Collected data
********

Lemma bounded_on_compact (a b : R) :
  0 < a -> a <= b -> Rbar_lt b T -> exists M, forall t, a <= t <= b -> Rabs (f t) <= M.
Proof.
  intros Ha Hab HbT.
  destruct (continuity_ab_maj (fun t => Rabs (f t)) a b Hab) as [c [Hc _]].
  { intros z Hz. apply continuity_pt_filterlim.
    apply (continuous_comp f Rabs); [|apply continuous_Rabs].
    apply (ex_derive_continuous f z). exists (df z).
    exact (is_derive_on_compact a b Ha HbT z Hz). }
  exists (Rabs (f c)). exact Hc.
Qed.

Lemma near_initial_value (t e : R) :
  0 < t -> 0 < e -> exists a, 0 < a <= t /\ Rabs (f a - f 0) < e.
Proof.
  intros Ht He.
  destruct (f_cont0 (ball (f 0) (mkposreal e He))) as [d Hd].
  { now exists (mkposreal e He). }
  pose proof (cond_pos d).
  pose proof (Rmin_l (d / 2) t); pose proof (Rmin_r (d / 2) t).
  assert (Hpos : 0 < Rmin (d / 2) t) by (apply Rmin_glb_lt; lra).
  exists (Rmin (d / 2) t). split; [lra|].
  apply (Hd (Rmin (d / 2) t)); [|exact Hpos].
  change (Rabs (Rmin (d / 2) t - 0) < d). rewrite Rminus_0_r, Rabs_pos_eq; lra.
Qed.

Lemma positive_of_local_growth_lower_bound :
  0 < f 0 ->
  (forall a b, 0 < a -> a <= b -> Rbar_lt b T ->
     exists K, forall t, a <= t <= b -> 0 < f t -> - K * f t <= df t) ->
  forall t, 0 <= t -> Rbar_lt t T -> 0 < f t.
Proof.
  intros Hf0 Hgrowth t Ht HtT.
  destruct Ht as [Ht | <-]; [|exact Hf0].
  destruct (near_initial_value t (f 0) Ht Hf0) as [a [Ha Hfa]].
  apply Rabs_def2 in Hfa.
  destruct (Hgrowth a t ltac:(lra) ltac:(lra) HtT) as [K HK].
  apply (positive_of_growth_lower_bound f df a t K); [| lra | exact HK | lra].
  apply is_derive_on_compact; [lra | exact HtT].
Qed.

********

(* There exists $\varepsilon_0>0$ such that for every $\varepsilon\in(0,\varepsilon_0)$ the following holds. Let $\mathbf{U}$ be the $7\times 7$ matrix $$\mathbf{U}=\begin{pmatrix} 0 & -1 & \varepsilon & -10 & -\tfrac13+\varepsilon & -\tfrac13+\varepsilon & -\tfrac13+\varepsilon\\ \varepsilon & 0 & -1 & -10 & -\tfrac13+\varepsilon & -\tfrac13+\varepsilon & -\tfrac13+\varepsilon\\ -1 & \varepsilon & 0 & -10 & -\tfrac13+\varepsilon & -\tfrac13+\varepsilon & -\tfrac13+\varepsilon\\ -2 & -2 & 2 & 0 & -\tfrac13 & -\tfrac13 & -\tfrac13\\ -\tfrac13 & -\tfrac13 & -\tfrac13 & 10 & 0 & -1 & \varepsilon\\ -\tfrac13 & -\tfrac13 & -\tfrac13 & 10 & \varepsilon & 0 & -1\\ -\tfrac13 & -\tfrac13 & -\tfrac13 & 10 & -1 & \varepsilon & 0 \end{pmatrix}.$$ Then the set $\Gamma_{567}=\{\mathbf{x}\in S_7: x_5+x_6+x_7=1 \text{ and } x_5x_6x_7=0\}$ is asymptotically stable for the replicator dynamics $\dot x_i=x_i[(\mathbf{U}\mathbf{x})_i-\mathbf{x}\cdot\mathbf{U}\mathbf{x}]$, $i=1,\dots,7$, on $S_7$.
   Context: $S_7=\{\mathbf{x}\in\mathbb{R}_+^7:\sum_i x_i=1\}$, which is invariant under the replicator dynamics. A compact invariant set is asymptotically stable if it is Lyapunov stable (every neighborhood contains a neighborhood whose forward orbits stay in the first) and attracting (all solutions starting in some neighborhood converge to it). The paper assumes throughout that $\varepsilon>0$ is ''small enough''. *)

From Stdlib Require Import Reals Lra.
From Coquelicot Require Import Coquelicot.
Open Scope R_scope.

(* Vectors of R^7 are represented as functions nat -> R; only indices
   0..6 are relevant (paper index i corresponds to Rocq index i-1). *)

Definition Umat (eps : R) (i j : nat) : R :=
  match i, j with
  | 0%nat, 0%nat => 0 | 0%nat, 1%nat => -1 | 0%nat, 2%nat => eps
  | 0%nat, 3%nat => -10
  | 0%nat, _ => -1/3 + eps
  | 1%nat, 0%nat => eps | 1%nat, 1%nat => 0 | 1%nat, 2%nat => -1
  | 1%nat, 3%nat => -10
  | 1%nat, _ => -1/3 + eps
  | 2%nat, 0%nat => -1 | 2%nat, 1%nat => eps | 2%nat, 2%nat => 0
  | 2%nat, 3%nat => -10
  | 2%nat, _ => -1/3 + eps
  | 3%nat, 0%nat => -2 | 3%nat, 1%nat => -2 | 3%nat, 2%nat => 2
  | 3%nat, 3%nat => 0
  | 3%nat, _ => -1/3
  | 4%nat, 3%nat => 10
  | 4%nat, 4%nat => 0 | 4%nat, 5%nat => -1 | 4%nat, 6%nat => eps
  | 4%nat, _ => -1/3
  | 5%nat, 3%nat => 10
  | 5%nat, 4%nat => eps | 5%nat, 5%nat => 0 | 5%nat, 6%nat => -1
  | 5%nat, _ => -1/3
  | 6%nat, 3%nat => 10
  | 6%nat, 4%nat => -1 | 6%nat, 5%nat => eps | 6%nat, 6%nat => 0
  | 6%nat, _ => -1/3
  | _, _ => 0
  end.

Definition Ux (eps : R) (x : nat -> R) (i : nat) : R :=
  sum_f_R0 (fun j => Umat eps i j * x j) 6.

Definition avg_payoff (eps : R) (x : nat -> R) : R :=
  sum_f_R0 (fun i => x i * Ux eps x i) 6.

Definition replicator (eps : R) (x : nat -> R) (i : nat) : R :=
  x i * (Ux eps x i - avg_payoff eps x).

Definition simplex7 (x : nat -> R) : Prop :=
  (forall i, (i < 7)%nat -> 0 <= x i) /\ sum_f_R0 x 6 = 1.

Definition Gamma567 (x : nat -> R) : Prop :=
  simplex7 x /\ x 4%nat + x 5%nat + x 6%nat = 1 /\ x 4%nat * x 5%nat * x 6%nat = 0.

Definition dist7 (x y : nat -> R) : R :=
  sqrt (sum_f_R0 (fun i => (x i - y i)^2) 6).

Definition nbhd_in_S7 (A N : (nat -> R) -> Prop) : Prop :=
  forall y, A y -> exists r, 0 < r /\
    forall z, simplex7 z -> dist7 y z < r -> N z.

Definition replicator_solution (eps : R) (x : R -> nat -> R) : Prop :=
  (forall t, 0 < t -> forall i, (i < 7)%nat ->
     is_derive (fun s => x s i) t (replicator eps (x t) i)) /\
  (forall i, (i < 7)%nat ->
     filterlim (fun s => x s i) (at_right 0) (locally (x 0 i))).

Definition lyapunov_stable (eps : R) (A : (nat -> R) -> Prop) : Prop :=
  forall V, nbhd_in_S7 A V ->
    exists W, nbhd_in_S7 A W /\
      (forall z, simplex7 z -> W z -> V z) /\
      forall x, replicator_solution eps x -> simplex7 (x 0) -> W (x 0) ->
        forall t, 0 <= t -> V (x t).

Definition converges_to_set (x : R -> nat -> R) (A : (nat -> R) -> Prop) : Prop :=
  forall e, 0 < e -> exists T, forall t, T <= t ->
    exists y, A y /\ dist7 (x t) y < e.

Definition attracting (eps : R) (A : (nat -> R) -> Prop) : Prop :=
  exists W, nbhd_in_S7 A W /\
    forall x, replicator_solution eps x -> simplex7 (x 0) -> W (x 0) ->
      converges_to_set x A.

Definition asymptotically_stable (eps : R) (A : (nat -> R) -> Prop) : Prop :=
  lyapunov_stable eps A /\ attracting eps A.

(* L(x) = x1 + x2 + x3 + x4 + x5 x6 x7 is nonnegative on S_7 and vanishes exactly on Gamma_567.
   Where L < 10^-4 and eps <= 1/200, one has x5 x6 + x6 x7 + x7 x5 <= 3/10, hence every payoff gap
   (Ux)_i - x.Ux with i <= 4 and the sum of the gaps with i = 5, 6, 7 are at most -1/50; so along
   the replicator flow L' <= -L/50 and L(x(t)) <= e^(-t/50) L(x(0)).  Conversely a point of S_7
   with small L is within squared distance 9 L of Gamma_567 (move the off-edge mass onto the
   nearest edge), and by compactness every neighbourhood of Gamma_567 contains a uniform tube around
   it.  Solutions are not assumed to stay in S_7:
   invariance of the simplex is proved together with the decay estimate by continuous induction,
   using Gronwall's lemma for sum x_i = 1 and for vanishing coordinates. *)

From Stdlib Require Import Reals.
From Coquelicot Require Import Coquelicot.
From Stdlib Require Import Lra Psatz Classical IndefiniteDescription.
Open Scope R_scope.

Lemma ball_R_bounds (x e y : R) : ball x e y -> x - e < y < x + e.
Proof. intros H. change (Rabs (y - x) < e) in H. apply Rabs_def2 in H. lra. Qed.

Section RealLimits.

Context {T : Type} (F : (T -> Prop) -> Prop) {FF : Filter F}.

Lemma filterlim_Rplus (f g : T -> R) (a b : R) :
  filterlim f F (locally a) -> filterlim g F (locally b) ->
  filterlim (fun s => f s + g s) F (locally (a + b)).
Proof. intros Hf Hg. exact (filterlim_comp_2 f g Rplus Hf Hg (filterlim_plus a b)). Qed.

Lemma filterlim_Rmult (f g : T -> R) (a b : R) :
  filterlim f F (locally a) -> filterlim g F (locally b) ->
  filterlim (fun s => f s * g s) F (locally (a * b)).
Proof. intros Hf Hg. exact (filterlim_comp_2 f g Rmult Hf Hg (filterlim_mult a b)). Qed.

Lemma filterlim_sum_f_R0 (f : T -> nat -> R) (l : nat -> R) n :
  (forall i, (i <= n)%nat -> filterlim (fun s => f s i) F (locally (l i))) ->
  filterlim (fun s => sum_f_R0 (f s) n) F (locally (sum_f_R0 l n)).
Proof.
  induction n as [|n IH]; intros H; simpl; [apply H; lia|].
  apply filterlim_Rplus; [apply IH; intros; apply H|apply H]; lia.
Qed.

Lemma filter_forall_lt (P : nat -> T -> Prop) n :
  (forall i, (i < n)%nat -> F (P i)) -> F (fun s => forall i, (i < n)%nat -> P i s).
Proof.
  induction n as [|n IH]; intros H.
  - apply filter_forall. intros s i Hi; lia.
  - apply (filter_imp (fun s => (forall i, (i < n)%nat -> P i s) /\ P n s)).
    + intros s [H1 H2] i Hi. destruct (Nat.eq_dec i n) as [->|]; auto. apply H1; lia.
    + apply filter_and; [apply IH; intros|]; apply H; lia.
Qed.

********

Here the output must be the lines above from the line with "From Stdlib Require Import Reals." to the line with "apply H1; lia.", both included, duplicated word for word and nothing else.

From Stdlib Require Import Reals.
From Coquelicot Require Import Coquelicot.
From Stdlib Require Import Lra Psatz Classical IndefiniteDescription.
Open Scope R_scope.

Lemma ball_R_bounds (x e y : R) : ball x e y -> x - e < y < x + e.
Proof. intros H. change (Rabs (y - x) < e) in H. apply Rabs_def2 in H. lra. Qed.

Section RealLimits.

Context {T : Type} (F : (T -> Prop) -> Prop) {FF : Filter F}.

Lemma filterlim_Rplus (f g : T -> R) (a b : R) :
  filterlim f F (locally a) -> filterlim g F (locally b) ->
  filterlim (fun s => f s + g s) F (locally (a + b)).
Proof. intros Hf Hg. exact (filterlim_comp_2 f g Rplus Hf Hg (filterlim_plus a b)). Qed.

Lemma filterlim_Rmult (f g : T -> R) (a b : R) :
  filterlim f F (locally a) -> filterlim g F (locally b) ->
  filterlim (fun s => f s * g s) F (locally (a * b)).
Proof. intros Hf Hg. exact (filterlim_comp_2 f g Rmult Hf Hg (filterlim_mult a b)). Qed.

Lemma filterlim_sum_f_R0 (f : T -> nat -> R) (l : nat -> R) n :
  (forall i, (i <= n)%nat -> filterlim (fun s => f s i) F (locally (l i))) ->
  filterlim (fun s => sum_f_R0 (f s) n) F (locally (sum_f_R0 l n)).
Proof.
  induction n as [|n IH]; intros H; simpl; [apply H; lia|].
  apply filterlim_Rplus; [apply IH; intros; apply H|apply H]; lia.
Qed.

Lemma filter_forall_lt (P : nat -> T -> Prop) n :
  (forall i, (i < n)%nat -> F (P i)) -> F (fun s => forall i, (i < n)%nat -> P i s).
Proof.
  induction n as [|n IH]; intros H.
  - apply filter_forall. intros s i Hi; lia.
  - apply (filter_imp (fun s => (forall i, (i < n)%nat -> P i s) /\ P n s)).
    + intros s [H1 H2] i Hi. destruct (Nat.eq_dec i n) as [->|]; auto. apply H1; lia.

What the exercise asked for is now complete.